Course prerequisites: PHI 107 or two philosophy courses.


PHI 391 - History of Ethics

Instructor:  Christopher Noble

MW  8:00 - 9:20

In this course, we will study the foundational texts of several major ethical theories (Consequentialism, Deontology, Virtue Ethics, Contractualism, Moral Sense Theory) together with some more recent adaptions and criticisms of these theories. Among the questions we will discuss are: What sorts of actions are morally good or bad, and what principles determine the moral value of actions? What justifications can be offered for an ethical theory, and how do we decide between competing theories? How demanding should an ethical theory be, and should it allow for partiality to ourselves or loved ones?
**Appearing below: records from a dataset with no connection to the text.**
(* Let $\mathbb S^1=\{z\in\mathbb C:|z|=1\}$, let $f(z)=z^2$, let $\rho(z)=e^{i\alpha}z$ with $\alpha/2\pi$ irrational, and let $g=\rho\circ f$. Then the IFS $F=\{f,g\}$ on $\mathbb S^1$ has attractor $\mathbb S^1$ (with basin $\mathbb S^1$): $F(\mathbb S^1)=\mathbb S^1$ and $F^{(n)}(K)\to\mathbb S^1$ in the Hausdorff metric for every nonempty compact $K\subseteq\mathbb S^1$. Nevertheless, for every metric $d$ on $\mathbb S^1$ inducing the standard topology, $\mathrm{Lip}(f,d)>1$ and $\mathrm{Lip}(g,d)>1$.
   Context: For a finite IFS $F$ (finite set of continuous self-maps of a metric space $\mathbb X$) and a nonempty compact $K$, $F(K)=\bigcup_{f\in F}f(K)$ and $F^{(n)}$ is its $n$-fold composition. A compact set $A$ is the attractor of $F$ if there is an open $U\supseteq A$ with $F(A)=A$ and $F^{(n)}(K)\to A$ in the Hausdorff metric for every nonempty compact $K\subseteq U$; the largest such $U$ is the basin. $\mathrm{Lip}(f,d)=\sup_{x\neq y} d(f(x),f(y))/d(x,y)$. *)

From Stdlib Require Import Reals ZArith List.
From Coquelicot Require Import Coquelicot.
Open Scope R_scope.

Definition S1 (z : C) : Prop := Cmod z = 1.

Definition sqmap (z : C) : C := Cmult z z.
Definition rotmap (alpha : R) (z : C) : C := Cmult (cos alpha, sin alpha) z.
Definition gmap (alpha : R) (z : C) : C := rotmap alpha (sqmap z).

Definition img (h : C -> C) (A : C -> Prop) : C -> Prop :=
  fun w => exists z, A z /\ w = h z.
Definition hutch (alpha : R) (A : C -> Prop) : C -> Prop :=
  fun w => img sqmap A w \/ img (gmap alpha) A w.
Definition hutch_iter (alpha : R) (n : nat) (A : C -> Prop) : C -> Prop :=
  Nat.iter n (hutch alpha) A.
Are ethical truths universal or do they depend on our historical or political circumstances? 


PHI 400 - Selected Topics: Freedom and Self-Command

Instructor:  Laurence Thomas

TTH  5:00 - 6:20

It is held by many that freedom is at its very best when individuals have the self‐command to do the right thing. The idea of self‐command was introduced by Adam Smith. And we will begin with a discussion ofSmith’s very, engaging idea.


PHI 417/PSC 382 - Contemporary Political Philosophy

Instructor:  Elizabeth Cohen

TTH  11:00 - 12:20

This course will focus on a set of social and political problems that political theorists, policy makers and citizens have grappled with since the dawn of modernity.  We will explore questions such as: what is the nature of power?  How does it manifest itself in our lives?  How do we experience it both as individual citizens and members of groups? Though abstract in style, the readings will address and be applied to problems familiar to average citizens. Each week’s readings will be accompanied by a discussion of contemporary political quandaries that are relevant to the subjects at hand.  In this way, we can explore the ways in which political theory is salient all of our lives. 


PHI 451 - Logic and Language

Instructor:  Michael Rieppel

TTH  9:30 - 10:50

The aim of this course is to provide students with a background in various concepts, methods, and results from mathematical logic that are of philosophical importance. Topics that we will cover include basic set theory, topics in the model- and proof-theory of propositional logic, first-order logic, and modal logic, and applications of formal techniques to the study of meaning in natural language.

This course is open to both undergraduate and graduate students, and will move at a fairly rapid pace. Undergraduates must have taken PHI 251 or an equivalent introductory logic course; additional background in logic, mathematics, or relevant areas of philosophy is beneficial.


PHI 593/REL 551 - Ethics & Health Professions

Instructor:  Paul Prescott

W  4:30 - 7:30

Ethics and the Health Professions is a graduate-level seminar on the ethical dimensions of healthcare. The goal of the course is to provide students with opportunities to discern philosophical fundamentals in various healthcare contexts. Topics range from the professional patient relationship to the political economy of healthcare on a global scale.